Lemma wt0_in_triangle_k4 t : k4_params t ->
  conv_hull (triangle (zt t 3) (zt t 4) (wt t 3)) (wt t 0).
Proof.
  intros (Ht & Hv & Hg).
  assert (0 <= (t ^ 2 - 4/5) * (183/100 - t ^ 2)) by nra.
  assert (orient (wt t 0) (zt t 4) (wt t 3) < 0) by
    orient_factor (- ((1 + t^2)^4 * t / den t ^ 2)).
  assert (orient (zt t 3) (wt t 0) (wt t 3) < 0) by
    orient_factor (- (1/2 * (1 + t^2)^2 * t / den t)).
  assert (orient (zt t 3) (zt t 4) (wt t 0) < 0) by
    orient_factor (- (8 * (1 + t^2) * t * (3 - t^2) / den t ^ 2)).
  apply conv_hull_triangle_of_orient_neg; lra.
Qed.

Lemma zt6_in_triangle_k4 t : k4_params t ->
  conv_hull (triangle (bt t) (zt t 5) (wt t 1)) (zt t 6).
Proof.
  intros (Ht & Hv & Hg).
  assert (0 <= (t ^ 2 - 4/5) * (183/100 - t ^ 2)) by nra.
  assert (orient (zt t 6) (zt t 5) (wt t 1) <= 0) by
    orient_factor (- (1/8 * (1 + t^2) * t / den t ^ 2 * (- g4 t))).
  assert (orient (bt t) (zt t 6) (wt t 1) < 0) by
    orient_factor (- (1/8 * (1 + t^2) * t * (3 - t^2) / den t ^ 2 * (281 +
      t^6 - 77 * t^2 - 37 * t^4))).
  assert (orient (bt t) (zt t 5) (zt t 6) < 0) by
    orient_factor (- (1/4 * (1 + t^2)^2 * t * (3 - t^2)^2 / den t ^ 2 * (3 + t^2))).
  apply conv_hull_triangle_of_orient_neg; lra.
Qed.

Lemma wt5_in_triangle_k4 t : k4_params t ->
  conv_hull (triangle (bt t) (zt t 3) (wt t 4)) (wt t 5).
Proof.
  intros (Ht & Hv & Hg).
  assert (0 <= (t ^ 2 - 4/5) * (183/100 - t ^ 2)) by nra.
  assert (orient (wt t 5) (zt t 3) (wt t 4) < 0) by
    orient_factor (- (1/32 * (1 + t^2)^2 * t / den t ^ 2 * (181 + 2 * t^4 + 8 * t^6 +
      t^8 - 80 * t^2))).
  assert (orient (bt t) (wt t 5) (wt t 4) <= 0) by
    orient_factor (- (1/32 * (1 + t^2)^2 * t / den t ^ 2 * (- g4 t))).
  assert (orient (bt t) (zt t 3) (wt t 5) < 0) by
    orient_factor (- (1/8 * (1 + t^2) * t / den t ^ 2 * (499 +
      3 * t^8 - 100 * t^2 - 94 * t^4 - 4 * t^6))).
  apply conv_hull_triangle_of_orient_neg; lra.
Qed.

Lemma zt7_in_triangle_k4 t : k4_params t ->
  conv_hull (triangle (zt t 1) (zt t 5) (wt t 1)) (zt t 7).
Proof.
  intros (Ht & Hv & Hg).
  assert (0 <= (t ^ 2 - 4/5) * (183/100 - t ^ 2)) by nra.
  assert (orient (zt t 7) (zt t 5) (wt t 1) < 0) by
    orient_factor (- (2 * (1 + t^2) * t / den t ^ 2 * (20 * t^2 - 11 - 3 * t^4 - 2 * t^6))).
  assert (orient (zt t 1) (zt t 7) (wt t 1) < 0) by
    orient_factor (- (1/8 * (1 + t^2) * t / den t * (61 + t^4 - 34 * t^2))).
  assert (orient (zt t 1) (zt t 5) (zt t 7) < 0) by
    orient_factor (- (1/8 * (1 + t^2)^2 * t * (3 - t^2)^2 / den t ^ 2 * (9 + t^2))).
  apply conv_hull_triangle_of_orient_neg; lra.
Qed.

Lemma wt6_in_triangle_k4 t : k4_params t ->
  conv_hull (triangle (bt t) (wt t 4) (wt t 0)) (wt t 6).
Proof.
  intros (Ht & Hv & Hg).
  assert (0 <= (t ^ 2 - 4/5) * (183/100 - t ^ 2)) by nra.
  assert (0 < orient (wt t 6) (wt t 4) (wt t 0)) by
    orient_factor (1/32 * (1 + t^2)^3 * t * (3 - t^2)^2 / den t ^ 2 * (9 + t^2)).
  assert (0 < orient (bt t) (wt t 6) (wt t 0)) by
    orient_factor (1/32 * (1 + t^2)^2 * t / den t * (61 + t^4 - 34 * t^2)).
  assert (0 < orient (bt t) (wt t 4) (wt t 6)) by
    orient_factor (1/2 * (1 + t^2)^2 * t / den t ^ 2 * (20 * t^2 - 11 - 3 * t^4 - 2 * t^6)).
  apply conv_hull_triangle_of_orient_pos; lra.
Qed.

Lemma a7_in_triangle_k4 t : k4_params t ->
  conv_hull (triangle 1 (a_tan t ^ 2)%C (a_tan t ^ 6)%C) (a_tan t ^ 7)%C.
Proof.
  intros (Ht & Hv & Hg).
  assert (0 <= (t ^ 2 - 4/5) * (183/100 - t ^ 2)) by nra.
  assert (orient (a_tan t ^ 7)%C (a_tan t ^ 2)%C (a_tan t ^ 6)%C < 0) by
    orient_factor (- (1/8192 * (1 + t^2)^3 * t * (49 + 3 * t^4 + t^6 - 13 * t^2))).
  assert (orient 1 (a_tan t ^ 7)%C (a_tan t ^ 6)%C < 0) by
    orient_factor (- (1/8192 * (1 + t^2) * t * (3 - t^2) * (176 * t^2 + 34 * t^4 + 8 * t^6 +
      t^8 - 107))).
  assert (orient 1 (a_tan t ^ 2)%C (a_tan t ^ 7)%C < 0) by
    orient_factor (- (1/512 * (1 + t^2) * t * (233 + t^6 - 93 * t^2 - 5 * t^4))).
  apply conv_hull_triangle_of_orient_neg; lra.
Qed.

» **Brief**:
Please tally every line of the entries that holds "Lemma" and answer with that figure alone.

» **Result**:
6